WHAT YOU ARE ASKED TO DO ▸
The answer must consist solely of the lines from the one containing "Record MCat (n" to the end of the entries below, repeated exactly.

[Dataset entries]
Record Cat := {
  Ob :> Type;
  Hom : Ob -> Ob -> Type;
  idm : forall x, Hom x x;
  comp : forall x y z, Hom y z -> Hom x y -> Hom x z;
  comp1m : forall x y (f : Hom x y), comp (idm y) f = f;
  compm1 : forall x y (f : Hom x y), comp f (idm x) = f;
  compA : forall x y z t (f : Hom x y) (g : Hom y z) (h : Hom z t),
      comp h (comp g f) = comp (comp h g) f }.
Arguments Hom {C} x y : rename.
Arguments idm {C} x : rename.
Arguments comp {C x y z} g f : rename.

Record MCat (n : nat) := {
  mcat :> Cat;
  mv : 'I_n -> forall x y : mcat, Hom x y -> Prop;
  mw : forall x y : mcat, Hom x y -> Prop }.
Arguments mv {n C} i {x y} f : rename.
Arguments mw {n C x y} f : rename.

Inductive vpath n (C : MCat n) : C -> C -> Type :=
| vnil x : vpath x x
| vcons x y z (i : 'I_n) (f : Hom x y) : mv i f -> vpath y z -> vpath x z.
Arguments vnil {n C} x.
Arguments vcons {n C x y z} i f _ _.

Fixpoint veval {n} {C : MCat n} {x z : C} (p : vpath x z) : Hom x z :=
  match p with
  | vnil x => idm x
  | vcons _ _ _ _ f _ r => comp (veval r) f
  end.

(* Elementary relations between composites: commutative squares
   y2 x1 = x2 y1 with x1,x2 in v_i and y1,y2 in v_j, and the fact that an
   identity map (in some v_i) is the empty composite; closed under
   pre- and post-composition. *)
Inductive vstep n (C : MCat n) : forall x z : C, vpath x z -> vpath x z -> Prop :=
| vs_sq a b c d z (i j : 'I_n) (x1 : Hom a b) (y2 : Hom b d) (y1 : Hom a c)
    (x2 : Hom c d) hx1 hy2 hy1 hx2 (r : vpath d z) :
    comp y2 x1 = comp x2 y1 ->
    vstep (vcons i x1 hx1 (vcons j y2 hy2 r)) (vcons j y1 hy1 (vcons i x2 hx2 r))
| vs_id x z (i : 'I_n) (h : mv i (idm x)) (r : vpath x z) :
    vstep (vcons i (idm x) h r) r
| vs_cons x y z (i : 'I_n) (f : Hom x y) hf (p q : vpath y z) :
    vstep p q -> vstep (vcons i f hf p) (vcons i f hf q).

TASK ANSWER ▸
Record MCat (n : nat) := {
  mcat :> Cat;
  mv : 'I_n -> forall x y : mcat, Hom x y -> Prop;
  mw : forall x y : mcat, Hom x y -> Prop }.
Arguments mv {n C} i {x y} f : rename.
Arguments mw {n C x y} f : rename.

Inductive vpath n (C : MCat n) : C -> C -> Type :=
| vnil x : vpath x x
| vcons x y z (i : 'I_n) (f : Hom x y) : mv i f -> vpath y z -> vpath x z.
Arguments vnil {n C} x.
Arguments vcons {n C x y z} i f _ _.

Fixpoint veval {n} {C : MCat n} {x z : C} (p : vpath x z) : Hom x z :=
  match p with
  | vnil x => idm x
  | vcons _ _ _ _ f _ r => comp (veval r) f
  end.

(* Elementary relations between composites: commutative squares
   y2 x1 = x2 y1 with x1,x2 in v_i and y1,y2 in v_j, and the fact that an
   identity map (in some v_i) is the empty composite; closed under
   pre- and post-composition. *)
Inductive vstep n (C : MCat n) : forall x z : C, vpath x z -> vpath x z -> Prop :=
| vs_sq a b c d z (i j : 'I_n) (x1 : Hom a b) (y2 : Hom b d) (y1 : Hom a c)
    (x2 : Hom c d) hx1 hy2 hy1 hx2 (r : vpath d z) :
    comp y2 x1 = comp x2 y1 ->
    vstep (vcons i x1 hx1 (vcons j y2 hy2 r)) (vcons j y1 hy1 (vcons i x2 hx2 r))
| vs_id x z (i : 'I_n) (h : mv i (idm x)) (r : vpath x z) :
    vstep (vcons i (idm x) h r) r
| vs_cons x y z (i : 'I_n) (f : Hom x y) hf (p q : vpath y z) :
    vstep p q -> vstep (vcons i f hf p) (vcons i f hf q).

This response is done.